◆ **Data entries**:
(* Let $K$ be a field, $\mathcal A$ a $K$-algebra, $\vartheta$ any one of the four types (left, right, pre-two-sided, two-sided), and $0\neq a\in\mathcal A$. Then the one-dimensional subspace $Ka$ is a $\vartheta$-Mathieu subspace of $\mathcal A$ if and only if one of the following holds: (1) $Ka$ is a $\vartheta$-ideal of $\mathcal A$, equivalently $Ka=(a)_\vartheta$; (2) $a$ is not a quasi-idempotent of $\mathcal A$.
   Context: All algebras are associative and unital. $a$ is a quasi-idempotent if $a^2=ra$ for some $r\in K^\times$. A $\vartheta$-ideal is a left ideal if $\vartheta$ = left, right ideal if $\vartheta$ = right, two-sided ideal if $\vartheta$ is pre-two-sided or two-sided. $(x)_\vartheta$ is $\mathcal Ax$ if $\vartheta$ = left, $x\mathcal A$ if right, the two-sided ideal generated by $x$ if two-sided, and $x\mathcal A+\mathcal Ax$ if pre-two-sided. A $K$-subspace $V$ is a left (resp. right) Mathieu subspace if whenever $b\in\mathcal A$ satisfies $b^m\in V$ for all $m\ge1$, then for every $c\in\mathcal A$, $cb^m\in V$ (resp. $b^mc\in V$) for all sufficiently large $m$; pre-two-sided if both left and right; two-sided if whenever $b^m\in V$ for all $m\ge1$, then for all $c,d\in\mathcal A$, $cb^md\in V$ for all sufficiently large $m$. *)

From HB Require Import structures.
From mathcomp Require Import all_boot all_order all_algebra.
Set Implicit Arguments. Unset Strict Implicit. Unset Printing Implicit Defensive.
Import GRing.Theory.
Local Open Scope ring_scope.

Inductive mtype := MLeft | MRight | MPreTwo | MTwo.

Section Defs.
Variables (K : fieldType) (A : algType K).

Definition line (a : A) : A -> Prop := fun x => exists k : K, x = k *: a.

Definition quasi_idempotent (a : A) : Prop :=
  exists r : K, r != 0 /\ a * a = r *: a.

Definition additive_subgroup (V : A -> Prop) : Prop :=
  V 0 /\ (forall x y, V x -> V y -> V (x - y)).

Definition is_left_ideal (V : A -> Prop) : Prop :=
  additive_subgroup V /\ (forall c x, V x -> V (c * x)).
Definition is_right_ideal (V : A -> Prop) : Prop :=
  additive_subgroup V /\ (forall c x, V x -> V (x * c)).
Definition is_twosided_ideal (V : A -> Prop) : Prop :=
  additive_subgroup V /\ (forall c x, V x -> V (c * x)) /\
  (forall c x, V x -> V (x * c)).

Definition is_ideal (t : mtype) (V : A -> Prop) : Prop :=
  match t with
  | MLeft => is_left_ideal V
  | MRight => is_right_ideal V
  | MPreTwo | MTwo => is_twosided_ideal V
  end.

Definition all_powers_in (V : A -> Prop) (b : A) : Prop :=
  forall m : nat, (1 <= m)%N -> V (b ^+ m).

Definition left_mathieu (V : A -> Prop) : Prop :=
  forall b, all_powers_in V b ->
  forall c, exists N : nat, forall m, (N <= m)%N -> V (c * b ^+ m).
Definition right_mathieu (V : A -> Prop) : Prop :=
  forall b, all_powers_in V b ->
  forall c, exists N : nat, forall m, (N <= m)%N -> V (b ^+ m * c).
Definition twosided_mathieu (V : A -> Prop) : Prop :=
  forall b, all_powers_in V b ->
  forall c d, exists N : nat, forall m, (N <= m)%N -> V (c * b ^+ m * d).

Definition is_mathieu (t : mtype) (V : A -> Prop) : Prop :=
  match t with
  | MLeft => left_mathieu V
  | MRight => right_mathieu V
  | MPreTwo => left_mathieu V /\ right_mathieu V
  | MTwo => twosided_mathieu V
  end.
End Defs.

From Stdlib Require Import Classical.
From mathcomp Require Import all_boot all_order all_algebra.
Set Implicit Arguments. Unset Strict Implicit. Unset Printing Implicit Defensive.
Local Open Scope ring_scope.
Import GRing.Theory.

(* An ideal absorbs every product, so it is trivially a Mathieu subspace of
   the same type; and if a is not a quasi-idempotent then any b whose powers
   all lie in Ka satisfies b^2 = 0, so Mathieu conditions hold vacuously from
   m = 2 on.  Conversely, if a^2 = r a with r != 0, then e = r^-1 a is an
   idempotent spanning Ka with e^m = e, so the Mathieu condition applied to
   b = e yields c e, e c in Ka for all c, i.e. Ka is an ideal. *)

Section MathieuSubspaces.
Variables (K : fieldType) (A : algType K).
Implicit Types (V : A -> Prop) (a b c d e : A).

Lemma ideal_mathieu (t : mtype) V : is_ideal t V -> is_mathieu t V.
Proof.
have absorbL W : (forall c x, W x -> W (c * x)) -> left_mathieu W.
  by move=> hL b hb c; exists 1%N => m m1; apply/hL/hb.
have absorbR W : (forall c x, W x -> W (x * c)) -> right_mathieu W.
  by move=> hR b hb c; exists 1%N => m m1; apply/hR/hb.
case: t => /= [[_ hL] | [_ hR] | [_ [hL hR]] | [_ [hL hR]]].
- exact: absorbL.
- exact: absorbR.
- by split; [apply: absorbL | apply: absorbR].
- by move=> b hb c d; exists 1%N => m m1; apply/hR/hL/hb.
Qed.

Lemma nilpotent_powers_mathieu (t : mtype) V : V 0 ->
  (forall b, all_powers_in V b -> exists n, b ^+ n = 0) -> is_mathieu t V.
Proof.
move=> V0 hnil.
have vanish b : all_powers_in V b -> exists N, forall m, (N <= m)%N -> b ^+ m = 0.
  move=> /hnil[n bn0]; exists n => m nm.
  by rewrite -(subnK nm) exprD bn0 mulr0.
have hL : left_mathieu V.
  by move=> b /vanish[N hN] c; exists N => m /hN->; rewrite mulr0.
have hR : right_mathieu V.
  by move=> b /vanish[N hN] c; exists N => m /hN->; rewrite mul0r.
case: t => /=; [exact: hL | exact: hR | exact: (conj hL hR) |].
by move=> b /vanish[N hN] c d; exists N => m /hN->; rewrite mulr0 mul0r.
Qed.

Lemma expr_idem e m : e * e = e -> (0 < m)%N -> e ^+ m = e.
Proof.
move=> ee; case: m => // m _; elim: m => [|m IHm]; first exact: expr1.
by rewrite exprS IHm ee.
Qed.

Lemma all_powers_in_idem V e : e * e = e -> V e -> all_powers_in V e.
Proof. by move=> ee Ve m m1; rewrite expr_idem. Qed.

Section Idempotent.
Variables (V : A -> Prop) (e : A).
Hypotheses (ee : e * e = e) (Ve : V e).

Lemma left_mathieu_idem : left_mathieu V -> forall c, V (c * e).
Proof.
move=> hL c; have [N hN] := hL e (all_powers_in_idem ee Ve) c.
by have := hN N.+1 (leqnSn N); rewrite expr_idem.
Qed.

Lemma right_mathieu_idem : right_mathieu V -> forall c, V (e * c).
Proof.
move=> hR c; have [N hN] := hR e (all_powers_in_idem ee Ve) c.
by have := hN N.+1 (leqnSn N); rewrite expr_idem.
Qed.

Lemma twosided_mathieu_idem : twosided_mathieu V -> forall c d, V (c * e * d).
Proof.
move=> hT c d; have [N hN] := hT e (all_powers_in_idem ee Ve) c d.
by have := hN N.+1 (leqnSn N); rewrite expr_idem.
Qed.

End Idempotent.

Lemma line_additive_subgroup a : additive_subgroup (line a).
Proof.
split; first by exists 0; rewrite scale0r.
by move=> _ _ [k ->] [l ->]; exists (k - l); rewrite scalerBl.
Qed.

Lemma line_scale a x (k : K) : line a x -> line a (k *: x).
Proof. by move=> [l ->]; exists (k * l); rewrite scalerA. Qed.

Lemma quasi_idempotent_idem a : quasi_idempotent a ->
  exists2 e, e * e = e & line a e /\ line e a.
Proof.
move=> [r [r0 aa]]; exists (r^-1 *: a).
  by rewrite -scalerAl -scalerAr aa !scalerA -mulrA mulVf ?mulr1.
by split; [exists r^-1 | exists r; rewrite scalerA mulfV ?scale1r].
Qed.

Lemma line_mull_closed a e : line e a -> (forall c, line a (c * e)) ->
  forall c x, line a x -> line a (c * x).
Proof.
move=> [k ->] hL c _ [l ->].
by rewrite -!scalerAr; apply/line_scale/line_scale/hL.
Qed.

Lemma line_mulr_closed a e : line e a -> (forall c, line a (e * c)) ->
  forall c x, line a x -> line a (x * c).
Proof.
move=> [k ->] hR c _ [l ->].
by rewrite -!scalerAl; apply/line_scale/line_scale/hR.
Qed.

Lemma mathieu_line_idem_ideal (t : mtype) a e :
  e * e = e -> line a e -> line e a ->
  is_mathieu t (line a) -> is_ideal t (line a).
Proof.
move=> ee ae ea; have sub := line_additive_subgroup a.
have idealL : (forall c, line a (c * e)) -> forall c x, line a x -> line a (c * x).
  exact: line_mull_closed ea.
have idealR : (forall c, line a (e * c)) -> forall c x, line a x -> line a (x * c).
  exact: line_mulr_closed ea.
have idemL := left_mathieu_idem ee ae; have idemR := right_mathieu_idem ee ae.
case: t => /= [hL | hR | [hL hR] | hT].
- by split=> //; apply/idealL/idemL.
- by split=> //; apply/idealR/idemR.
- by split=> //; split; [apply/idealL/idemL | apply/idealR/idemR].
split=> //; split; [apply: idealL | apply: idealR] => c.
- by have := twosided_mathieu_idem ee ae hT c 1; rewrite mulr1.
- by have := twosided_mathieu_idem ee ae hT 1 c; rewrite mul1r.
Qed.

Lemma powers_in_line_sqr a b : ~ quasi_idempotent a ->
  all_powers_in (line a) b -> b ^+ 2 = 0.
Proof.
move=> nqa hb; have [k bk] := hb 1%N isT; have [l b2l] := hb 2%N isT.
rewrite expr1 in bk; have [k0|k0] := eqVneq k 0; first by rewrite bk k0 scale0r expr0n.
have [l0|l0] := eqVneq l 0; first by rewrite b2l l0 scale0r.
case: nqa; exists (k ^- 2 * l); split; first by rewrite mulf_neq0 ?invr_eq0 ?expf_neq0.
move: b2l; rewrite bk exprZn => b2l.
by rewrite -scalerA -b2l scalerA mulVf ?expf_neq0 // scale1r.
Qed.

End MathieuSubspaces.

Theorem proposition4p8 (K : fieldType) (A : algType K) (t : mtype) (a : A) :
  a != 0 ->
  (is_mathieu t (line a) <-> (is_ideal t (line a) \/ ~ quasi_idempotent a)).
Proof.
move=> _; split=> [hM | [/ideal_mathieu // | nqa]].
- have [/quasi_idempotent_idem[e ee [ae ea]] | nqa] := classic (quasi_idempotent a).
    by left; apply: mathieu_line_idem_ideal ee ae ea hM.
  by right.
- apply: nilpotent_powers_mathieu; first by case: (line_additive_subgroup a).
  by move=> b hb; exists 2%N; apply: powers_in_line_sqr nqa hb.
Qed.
--
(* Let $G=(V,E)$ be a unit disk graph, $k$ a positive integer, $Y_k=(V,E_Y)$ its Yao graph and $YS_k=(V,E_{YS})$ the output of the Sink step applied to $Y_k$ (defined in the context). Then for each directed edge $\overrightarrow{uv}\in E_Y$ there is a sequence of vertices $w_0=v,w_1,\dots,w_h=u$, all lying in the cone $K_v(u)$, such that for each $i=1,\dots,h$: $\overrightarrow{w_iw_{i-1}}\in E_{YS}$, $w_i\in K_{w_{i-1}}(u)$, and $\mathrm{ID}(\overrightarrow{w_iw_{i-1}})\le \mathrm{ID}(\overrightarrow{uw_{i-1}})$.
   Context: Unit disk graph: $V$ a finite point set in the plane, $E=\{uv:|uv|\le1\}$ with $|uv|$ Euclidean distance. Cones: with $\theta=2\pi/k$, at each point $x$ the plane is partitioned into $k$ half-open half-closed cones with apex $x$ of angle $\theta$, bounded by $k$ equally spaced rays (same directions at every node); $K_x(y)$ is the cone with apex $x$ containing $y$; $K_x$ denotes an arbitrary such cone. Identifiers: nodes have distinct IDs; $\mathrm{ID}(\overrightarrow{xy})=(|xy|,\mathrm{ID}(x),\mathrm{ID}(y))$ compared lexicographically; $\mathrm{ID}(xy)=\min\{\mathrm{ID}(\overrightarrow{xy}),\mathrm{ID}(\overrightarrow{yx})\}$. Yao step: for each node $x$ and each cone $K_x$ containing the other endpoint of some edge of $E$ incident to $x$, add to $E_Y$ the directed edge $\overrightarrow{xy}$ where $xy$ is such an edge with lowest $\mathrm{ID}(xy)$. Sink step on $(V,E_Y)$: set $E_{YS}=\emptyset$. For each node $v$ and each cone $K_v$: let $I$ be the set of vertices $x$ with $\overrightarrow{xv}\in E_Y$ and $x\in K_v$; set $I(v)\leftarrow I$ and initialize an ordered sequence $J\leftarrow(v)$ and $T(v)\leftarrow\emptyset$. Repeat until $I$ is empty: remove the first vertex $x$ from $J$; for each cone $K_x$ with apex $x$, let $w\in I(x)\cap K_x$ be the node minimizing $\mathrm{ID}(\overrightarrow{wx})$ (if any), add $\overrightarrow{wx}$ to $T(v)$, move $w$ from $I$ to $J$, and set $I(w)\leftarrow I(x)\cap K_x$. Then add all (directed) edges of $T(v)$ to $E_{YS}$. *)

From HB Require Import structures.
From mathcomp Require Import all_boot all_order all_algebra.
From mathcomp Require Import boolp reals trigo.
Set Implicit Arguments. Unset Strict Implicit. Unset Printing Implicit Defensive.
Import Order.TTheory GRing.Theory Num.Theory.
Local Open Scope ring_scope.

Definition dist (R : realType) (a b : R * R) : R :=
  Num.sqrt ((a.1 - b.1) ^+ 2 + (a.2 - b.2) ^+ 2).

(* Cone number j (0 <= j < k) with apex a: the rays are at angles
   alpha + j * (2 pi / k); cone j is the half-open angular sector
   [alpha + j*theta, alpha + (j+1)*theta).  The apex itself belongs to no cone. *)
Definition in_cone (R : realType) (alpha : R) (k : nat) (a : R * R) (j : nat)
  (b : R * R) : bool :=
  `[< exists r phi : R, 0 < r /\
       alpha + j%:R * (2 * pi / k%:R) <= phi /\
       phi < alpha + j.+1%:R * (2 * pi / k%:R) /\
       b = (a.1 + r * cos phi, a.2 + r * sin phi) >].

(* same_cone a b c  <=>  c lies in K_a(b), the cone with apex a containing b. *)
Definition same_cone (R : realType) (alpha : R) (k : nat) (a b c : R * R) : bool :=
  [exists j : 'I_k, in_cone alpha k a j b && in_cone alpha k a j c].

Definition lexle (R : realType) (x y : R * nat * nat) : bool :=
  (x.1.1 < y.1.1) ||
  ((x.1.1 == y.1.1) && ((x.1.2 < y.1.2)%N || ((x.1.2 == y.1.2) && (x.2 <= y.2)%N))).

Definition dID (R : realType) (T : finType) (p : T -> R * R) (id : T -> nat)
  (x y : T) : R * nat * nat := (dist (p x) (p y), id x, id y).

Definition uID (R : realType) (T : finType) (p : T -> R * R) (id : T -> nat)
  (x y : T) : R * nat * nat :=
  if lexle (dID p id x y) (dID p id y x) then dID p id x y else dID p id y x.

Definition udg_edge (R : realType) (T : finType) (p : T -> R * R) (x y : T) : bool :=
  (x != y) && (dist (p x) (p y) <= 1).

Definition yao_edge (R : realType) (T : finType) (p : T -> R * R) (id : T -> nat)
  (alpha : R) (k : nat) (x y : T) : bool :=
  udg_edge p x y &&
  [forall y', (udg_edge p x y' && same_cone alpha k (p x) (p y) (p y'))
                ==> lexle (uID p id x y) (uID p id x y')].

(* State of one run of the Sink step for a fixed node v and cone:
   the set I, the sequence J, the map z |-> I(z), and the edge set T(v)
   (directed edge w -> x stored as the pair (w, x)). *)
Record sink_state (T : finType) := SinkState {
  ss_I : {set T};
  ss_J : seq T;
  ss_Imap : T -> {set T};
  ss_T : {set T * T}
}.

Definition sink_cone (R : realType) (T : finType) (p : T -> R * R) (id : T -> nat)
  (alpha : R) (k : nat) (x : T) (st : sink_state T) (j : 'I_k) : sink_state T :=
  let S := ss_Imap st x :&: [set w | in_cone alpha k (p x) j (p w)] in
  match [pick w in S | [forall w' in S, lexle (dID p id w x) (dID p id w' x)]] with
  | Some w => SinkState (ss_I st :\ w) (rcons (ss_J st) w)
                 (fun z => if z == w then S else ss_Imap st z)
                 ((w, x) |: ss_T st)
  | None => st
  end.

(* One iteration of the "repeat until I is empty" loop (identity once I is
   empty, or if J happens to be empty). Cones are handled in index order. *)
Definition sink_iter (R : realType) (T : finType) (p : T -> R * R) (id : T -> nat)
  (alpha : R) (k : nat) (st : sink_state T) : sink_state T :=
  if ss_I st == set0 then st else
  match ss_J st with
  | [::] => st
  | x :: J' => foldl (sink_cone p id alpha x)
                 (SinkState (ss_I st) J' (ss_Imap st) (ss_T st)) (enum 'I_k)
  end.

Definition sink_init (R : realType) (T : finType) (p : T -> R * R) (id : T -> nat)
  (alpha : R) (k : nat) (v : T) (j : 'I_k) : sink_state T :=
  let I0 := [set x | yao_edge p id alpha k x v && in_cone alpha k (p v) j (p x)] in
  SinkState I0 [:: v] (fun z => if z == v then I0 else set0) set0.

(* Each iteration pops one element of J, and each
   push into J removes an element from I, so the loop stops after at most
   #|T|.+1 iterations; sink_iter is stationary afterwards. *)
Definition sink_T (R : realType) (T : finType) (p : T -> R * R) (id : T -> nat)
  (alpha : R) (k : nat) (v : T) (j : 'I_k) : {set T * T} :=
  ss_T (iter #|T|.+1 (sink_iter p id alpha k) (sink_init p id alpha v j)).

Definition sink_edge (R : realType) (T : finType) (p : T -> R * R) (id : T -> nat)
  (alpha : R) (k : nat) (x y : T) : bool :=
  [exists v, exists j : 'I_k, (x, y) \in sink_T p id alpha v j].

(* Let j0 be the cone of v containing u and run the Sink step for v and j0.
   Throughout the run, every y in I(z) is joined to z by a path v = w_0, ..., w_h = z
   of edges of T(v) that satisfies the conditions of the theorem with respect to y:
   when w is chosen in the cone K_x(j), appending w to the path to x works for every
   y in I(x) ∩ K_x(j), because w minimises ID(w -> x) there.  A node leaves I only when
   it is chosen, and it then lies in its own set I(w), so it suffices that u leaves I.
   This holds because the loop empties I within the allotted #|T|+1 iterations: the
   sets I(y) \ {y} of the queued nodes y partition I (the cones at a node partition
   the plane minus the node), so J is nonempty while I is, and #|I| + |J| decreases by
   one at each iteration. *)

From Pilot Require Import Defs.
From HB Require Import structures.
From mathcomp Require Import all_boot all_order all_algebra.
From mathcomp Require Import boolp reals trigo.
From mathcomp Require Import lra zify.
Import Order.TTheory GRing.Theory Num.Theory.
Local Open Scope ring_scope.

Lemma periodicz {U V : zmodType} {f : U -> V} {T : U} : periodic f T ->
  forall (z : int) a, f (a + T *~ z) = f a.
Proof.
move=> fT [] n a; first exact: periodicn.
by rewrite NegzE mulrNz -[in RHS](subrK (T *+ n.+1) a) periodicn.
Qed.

◆ **Work instructions**: Above are the records; repeat exactly the lines from the one holding "exists2 e, e" down to the one holding "Lemma line_mulr_closed a", end lines included.

◆ **Result below**:
  exists2 e, e * e = e & line a e /\ line e a.
Proof.
move=> [r [r0 aa]]; exists (r^-1 *: a).
  by rewrite -scalerAl -scalerAr aa !scalerA -mulrA mulVf ?mulr1.
by split; [exists r^-1 | exists r; rewrite scalerA mulfV ?scale1r].
Qed.

Lemma line_mull_closed a e : line e a -> (forall c, line a (c * e)) ->
  forall c x, line a x -> line a (c * x).
Proof.
move=> [k ->] hL c _ [l ->].
by rewrite -!scalerAr; apply/line_scale/line_scale/hL.
Qed.

Lemma line_mulr_closed a e : line e a -> (forall c, line a (e * c)) ->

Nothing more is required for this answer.